This may be an unattainable ideal. But we need not, therefore, cease to strive for it. Even if, without fulfilling the whole law of sacrifice, that is, the law of our being, we perform physical labour enough for our daily bread, we should go a long way towards the ideal. If we did so, our wants would be minimized, our food would be simple. We should then eat to live, not live to eat. Let anyone who doubts the accuracy of this proposition try to sweat for his bread, he will derive the greatest relish from the productions of his labour, improve his health and discover that many things he took were superfluities.

(H, 29-6-1935, p. 156)

Gospel of work
There can never be too much emphasis placed on work. I am simply repeating the gospel taught by the Gita, where the Lord says: 'If I did not remain ever at work sleeplessly, I should set a wrong example to mankind.'
...If I had the good fortune to be face to face with one like him [the Buddha], I should not hesitate to ask him why he did not teach the gospel of work, in preference to one of contemplation. I should do the same thing if I were to med...these saints (like Tukaram and Dhyandev, etc.).

(H, 2-11-1935, p. 298)

God created man to eat his bread in the sweat of his brow, and I dread the prospect of our being able to produce all that we want, including our food-stuffs, out of a conjuror's hat.

(H, 16-5-1936, p. 111)

We should be ashamed of resting, or having a square meal, so long as there is one able-bodied man or woman without work or food.

(YI, 6-10-1921, p. 314)

I have indeed wept to see the stark poverty and unemployment in our country, but I must confess our own negligence and ignorance are largely responsible for it. We do not know the dignity of labour as such. Thus, a shoemaker will not do anything beyond making his shoes, he will think that all other labour is below his dignity. That wring notion must go. There is enough employment in India for all who will work with their hands and feet honestly. God has given everyone the capacity to work and earn more than his daily bread, and whoever is ready to use that capacity is sure to find work. No labour is too mean for one who wants to earn an honest penny. The only thing is the readiness to use the hands and feet that God has given us.

(H, 19-12-1936, p. 356)

...It is surely the duty of a Government to ensure bread labour for all unemployed men and women, no matter how many they are.

(H, 11-1-1948, p. 507)

Intellectual Labour
Let me not be misunderstood. I do not discount the value of intellectual labour, but no amount of it is any compensation for bodily labour which every one of us is born to give for the common good of all. It may be, often is, infinitely superior to bodily labour, but it never is or can be a substitute for it, even as intellectual food, though far superior to the grains we eat, never can be a substitute for them. Indeed, without the products of the earth, those of the intellect would be an impossibility.

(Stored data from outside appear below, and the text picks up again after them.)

(* Let $p\ge q>0$ with $pq>1$, and let $(u,v)$ be a positive bounded classical solution of $-\Delta u=v^p$, $-\Delta v=u^q$ in $\mathbb{R}^n$. Then $$v^{p+1}(x)\le\frac{p+1}{q+1}\,u^{q+1}(x)\qquad\text{for all }x\in\mathbb{R}^n.$$ *)

From Stdlib Require Import Reals.
From Stdlib Require Vectors.Fin.
Open Scope R_scope.

Definition Rn (n : nat) : Type := Fin.t n -> R.

Definition upd {n : nat} (x : Rn n) (i : Fin.t n) (t : R) : Rn n :=
  fun j => if Fin.eq_dec i j then t else x j.

Fixpoint sumFin (n : nat) : (Fin.t n -> R) -> R :=
  match n return (Fin.t n -> R) -> R with
  | O => fun _ => 0
  | S m => fun f => f Fin.F1 + sumFin m (fun i => f (Fin.FS i))
  end.

(* continuity of f : R^n -> R (sup-norm, equivalently Euclidean, topology) *)
Definition continuous_Rn {n : nat} (f : Rn n -> R) : Prop :=
  forall x eps, 0 < eps -> exists delta, 0 < delta /\
    forall y : Rn n, (forall i, Rabs (y i - x i) < delta) ->
      Rabs (f y - f x) < eps.

Definition has_partial {n : nat} (i : Fin.t n) (f : Rn n -> R) (x : Rn n) (l : R) : Prop :=
  derivable_pt_lim (fun t => f (upd x i t)) (x i) l.

Definition C2_with_laplacian {n : nat} (f : Rn n -> R) (lap : Rn n -> R) : Prop :=
  exists (D1 : Fin.t n -> Rn n -> R) (D2 : Fin.t n -> Fin.t n -> Rn n -> R),
    continuous_Rn f /\
    (forall i x, has_partial i f x (D1 i x)) /\
    (forall i, continuous_Rn (D1 i)) /\
    (forall i j x, has_partial j (D1 i) x (D2 i j x)) /\
    (forall i j, continuous_Rn (D2 i j)) /\
    (forall x, lap x = sumFin n (fun i => D2 i i x)).

Definition pos_bounded_classical_solution (n : nat) (p q : R) (u v : Rn n -> R) : Prop :=
  (forall x, 0 < u x) /\ (forall x, 0 < v x) /\
  (exists M, forall x, u x <= M) /\ (exists M, forall x, v x <= M) /\
  C2_with_laplacian u (fun x => - Rpower (v x) p) /\
  C2_with_laplacian v (fun x => - Rpower (u x) q).

From Stdlib Require Import Reals Lra FunctionalExtensionality Classical.
From Stdlib Require Vectors.Fin.
From mathcomp Require all_boot all_order all_algebra all_classical all_reals.
From mathcomp Require topology normedtype derive Rstruct Rstruct_topology.
Open Scope R_scope.

(* Put s = (q+1)/(p+1) <= 1 and phi(y) = l y^s with l^(p+1) = (p+1)/(q+1); the estimate
   is then v <= phi(u).  The function phi is concave and satisfies phi'(y) phi(y)^p = y^q.
   If v - phi(u) were positive somewhere, boundedness gives a maximum point c of
   v - phi(u) - eps |x|^2, where lap v <= phi'(u) lap u + 2 n eps; by the equations this reads
   phi'(u) (v^p - phi(u)^p) <= 2 n eps.  At c the gap v - phi(u) is bounded below
   independently of eps, and so is phi'(u) because u is bounded, which is absurd for
   small eps. *)

Lemma upd_same n (x : Rn n) i t : upd x i t i = t.
Proof. unfold upd. destruct (Fin.eq_dec i i); congruence. Qed.

Lemma upd_other n (x : Rn n) i j t : j <> i -> upd x i t j = x j.
Proof. intros Hji. unfold upd. destruct (Fin.eq_dec i j); congruence. Qed.

Lemma upd_upd n (x : Rn n) i t s : upd (upd x i t) i s = upd x i s.
Proof.
  apply functional_extensionality; intro j; unfold upd.
  destruct (Fin.eq_dec i j); auto.
Qed.

Lemma upd_id n (x : Rn n) i : upd x i (x i) = x.
Proof.
  apply functional_extensionality; intro j; unfold upd.
  destruct (Fin.eq_dec i j); subst; auto.
Qed.

Lemma sumFin_le n (f g : Fin.t n -> R) :
  (forall j, f j <= g j) -> sumFin n f <= sumFin n g.
Proof.
  induction n as [|n IH]; simpl; intros H; [lra|].
  specialize (IH (fun i => f (Fin.FS i)) (fun i => g (Fin.FS i)) (fun i => H (Fin.FS i))).
  specialize (H Fin.F1). lra.
Qed.

Lemma sumFin_ext n (f g : Fin.t n -> R) :
  (forall j, f j = g j) -> sumFin n f = sumFin n g.
Proof. intros H; apply Rle_antisym; apply sumFin_le; intros j; rewrite H; lra. Qed.

Lemma sumFin_affine n (f : Fin.t n -> R) a b :
  sumFin n (fun j => a * f j + b) = a * sumFin n f + INR n * b.
Proof.
  induction n as [|n IH]; cbn [sumFin]; [simpl; ring|].
  rewrite (IH (fun i => f (Fin.FS i))), S_INR. ring.
Qed.

Lemma sumFin_nonneg n (f : Fin.t n -> R) : (forall j, 0 <= f j) -> 0 <= sumFin n f.
Proof.
  intros H. replace 0 with (0 * sumFin n f + INR n * 0) by ring.
  rewrite <- sumFin_affine. apply sumFin_le. intros j. specialize (H j). lra.
Qed.

Lemma sumFin_ge_term n (f : Fin.t n -> R) j : (forall k, 0 <= f k) -> f j <= sumFin n f.
Proof.
  induction n as [|n IH]; intros H; [inversion j|].
  cbn [sumFin]. pattern j; apply Fin.caseS'.
  - assert (0 <= sumFin n (fun i => f (Fin.FS i))) by (apply sumFin_nonneg; auto). lra.
  - intros k. specialize (IH (fun i => f (Fin.FS i)) k (fun i => H (Fin.FS i))).
    specialize (H Fin.F1). simpl in IH. lra.
Qed.

Lemma sumFin_update n (f g : Fin.t n -> R) i :
  (forall j, j <> i -> g j = f j) -> sumFin n g = sumFin n f - f i + g i.
Proof.
  induction n as [|n IH]; intros Hg; [inversion i|].
  cbn [sumFin]. revert Hg. pattern i; apply Fin.caseS'; intros.
  - rewrite (sumFin_ext _ (fun j => g (Fin.FS j)) (fun j => f (Fin.FS j))); [lra|].
    intros j; apply Hg; discriminate.
  - rewrite (IH (fun j => f (Fin.FS j)) (fun j => g (Fin.FS j)) p).
    + rewrite (Hg Fin.F1) by discriminate. lra.
    + intros j Hj. apply Hg. intros E. apply Hj, Fin.FS_inj, E.
Qed.

Definition sqnorm {n : nat} (x : Rn n) : R := sumFin n (fun j => x j * x j).

Lemma sqnorm_nonneg n (x : Rn n) : 0 <= sqnorm x.
Proof. apply sumFin_nonneg; intros j; apply Rle_0_sqr. Qed.

Lemma sqnorm_ge_coord n (x : Rn n) j : x j * x j <= sqnorm x.
Proof. apply (sumFin_ge_term n (fun j => x j * x j)); intros k; apply Rle_0_sqr. Qed.

Lemma sqnorm_upd n (x : Rn n) i t : sqnorm (upd x i t) = sqnorm x - x i * x i + t * t.
Proof.
  unfold sqnorm. rewrite (sumFin_update n (fun j => x j * x j) _ i), upd_same; [ring|].
  intros j Hj. rewrite upd_other; auto.
Qed.

Lemma continuous_Rn_coord n (j : Fin.t n) : continuous_Rn (fun x : Rn n => x j).
Proof. intros x eps He. exists eps; split; auto. Qed.

Lemma continuous_Rn_plus n (f g : Rn n -> R) :
  continuous_Rn f -> continuous_Rn g -> continuous_Rn (fun x => f x + g x).
Proof.
  intros Hf Hg x eps He.
  destruct (Hf x (eps/2) ltac:(lra)) as [d1 [d1p H1]].
  destruct (Hg x (eps/2) ltac:(lra)) as [d2 [d2p H2]].
  exists (Rmin d1 d2); split; [apply Rmin_glb_lt; auto|].
  intros y Hy.
  assert (A := H1 y (fun i => Rlt_le_trans _ _ _ (Hy i) (Rmin_l _ _))).
  assert (B := H2 y (fun i => Rlt_le_trans _ _ _ (Hy i) (Rmin_r _ _))).
  replace (f y + g y - (f x + g x)) with ((f y - f x) + (g y - g x)) by ring.
  apply Rle_lt_trans with (1 := Rabs_triang _ _). lra.
Qed.

Lemma continuous_Rn_comp n (f : Rn n -> R) (h : R -> R) :
  continuous_Rn f -> (forall x, exists l, derivable_pt_lim h (f x) l) ->
  continuous_Rn (fun x => h (f x)).
Proof.
  intros Hf Hh x eps He.
  destruct (Hh x) as [l Hl].
  destruct (derivable_continuous_pt h (f x) (exist _ l Hl) eps He) as [alp [alpp Ha]].
  destruct (Hf x alp alpp) as [d [dp Hd]].
  exists d; split; auto. intros y Hy.
  destruct (Req_dec (f y) (f x)) as [E|E].
  - rewrite E, Rminus_diag, Rabs_R0; auto.
  - apply (Ha (f y)). split; [split; [exact I|auto]|apply Hd; auto].
Qed.

Lemma continuous_Rn_sumFin k n (g : Fin.t n -> Rn k -> R) :
  (forall j, continuous_Rn (g j)) -> continuous_Rn (fun x => sumFin n (fun j => g j x)).
Proof.
  induction n as [|n IH]; intros Hg; cbn [sumFin].
  - intros x eps He; exists 1; split; [lra|]. intros; rewrite Rminus_diag, Rabs_R0; auto.
  - apply continuous_Rn_plus; [apply Hg|]. apply (IH (fun j => g (Fin.FS j))). intros; apply Hg.
Qed.

Lemma continuous_sqnorm n : continuous_Rn (@sqnorm n).
Proof.
  apply (continuous_Rn_sumFin n n (fun j x => x j * x j)). intros j.
  apply (continuous_Rn_comp n (fun x => x j) (fun y => y * y)); [apply continuous_Rn_coord|].
  intros x. eexists. apply derivable_pt_lim_mult; apply derivable_pt_lim_id.
Qed.

Section BoxExtremum.
Import all_boot all_order all_algebra all_classical all_reals.
Import topology normedtype derive Rstruct Rstruct_topology.
Import Order.TTheory GRing.Theory Num.Theory.
Local Open Scope classical_set_scope.

Let ord_of_fin {n} (i : Fin.t n) : 'I_n :=
  Ordinal (introT ssrnat.ltP (proj2_sig (Fin.to_nat i))).
Let fin_of_ord {n} (j : 'I_n) : Fin.t n := Fin.of_nat_lt (elimT ssrnat.ltP (ltn_ord j)).

Let fin_of_ordK n (i : Fin.t n) : fin_of_ord (ord_of_fin i) = i.
Proof.
rewrite /fin_of_ord /ord_of_fin /= -[in RHS](Fin.of_nat_to_nat_inv i).
exact: Fin.of_nat_ext.
Qed.

(* Transported to row vectors, where compactness of boxes and the extreme value
   theorem are available. *)
Lemma continuous_Rn_max_on_box n (F : Rn n -> R) (B : R) : Rle 0 B -> continuous_Rn F ->
  exists c : Rn n, (forall i, Rle (Rabs (c i)) B) /\
    forall y : Rn n, (forall i, Rle (Rabs (y i)) B) -> Rle (F y) (F c).
Proof.
move=> B0 cF.
pose to_Rn := fun (r : 'rV[R]_n) (i : Fin.t n) => r ord0 (ord_of_fin i).
pose A := [set v : 'rV[R]_n | forall j, `[(- B)%R, B] (v ord0 j)].
have cA : compact A.
  exact: (@rV_compact _ n (fun _ => `[(- B)%R, B]) (fun _ => @segment_compact _ (- B)%R B)).
have A0 : (A !=set0)%classic.
  exists (0 : 'rV[R]_n)%R => j /=; rewrite mxE in_itv /= oppr_le0.
  by apply/andP; split; apply/RleP.
have cG : {within A, continuous (F \o to_Rn)}%classic.
  apply: continuous_subspaceT => r P /= /nbhs_ballP [e /= e0 HP].
  have [d [d0 Hd]] := cF (to_Rn r) e (elimT RltP e0).
  exists (fun i0 j => ball (r i0 j) d).
    by move=> i0 j; apply/nbhs_ballP; exists d => //; apply/RltP.
  move=> s Hs; apply: HP; rewrite /ball /=.
  have h : Rabs (F (to_Rn s) - F (to_Rn r)) < e.
    apply: Hd => i; move/RltP: (Hs ord0 (ord_of_fin i)) => h.
    exact: (Rle_lt_trans _ _ _ (Req_le _ _ (Rabs_minus_sym _ _)) h).
  apply/RltP; exact: (Rle_lt_trans _ _ _ (Req_le _ _ (Rabs_minus_sym _ _)) h).
have [c Ac Hc] := EVT_max_rV A0 cA cG.
exists (to_Rn c); split.
  move=> i; rewrite inE in Ac; have := Ac (ord_of_fin i).
  rewrite /= in_itv /= => /andP[h1 h2].
  by apply: Rabs_le; split; apply/RleP.
move=> y Hy.
have -> : y = to_Rn ((\row_j y (fin_of_ord j))%R).
  by apply: funext => i; rewrite /to_Rn mxE fin_of_ordK.
apply/RleP; apply: Hc; rewrite inE => j /=; rewrite mxE in_itv /=.
have h := Hy (fin_of_ord j); have h1 := Rle_abs (y (fin_of_ord j)).
have h2 := Rle_abs (- y (fin_of_ord j)); rewrite Rabs_Ropp in h2.
by apply/andP; split; apply/RleP; rewrite -?RoppE; lra.
Qed.
End BoxExtremum.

(YI, 15-10-1925, pp. 355-6)

May not men earn their bread by intellectual labour? No. The needs of the body must be supplied by the body. "Render unto Caesar that which is Caesar's" perhaps applies here well. Mere mental, that is, intellectual labour is for the soul and is its own satisfaction. It should never demand payment. In the ideal state, doctors, lawyers and the like will work solely for the benefit of society, not for self.

(H, 29-6-1935, p. 156)

Intellectual work is important and has an undoubted place in the scheme of life. But what I insist is the necessity of physical labour. No man, I claim, ought to be free from that obligation. It will serve to improve even the quality of his intellectual output.

(H, 23-2-1947, p. 36)

A laborer cannot sit at the table and write, but a man who has worked at the table all his life can certainly take to physical labour.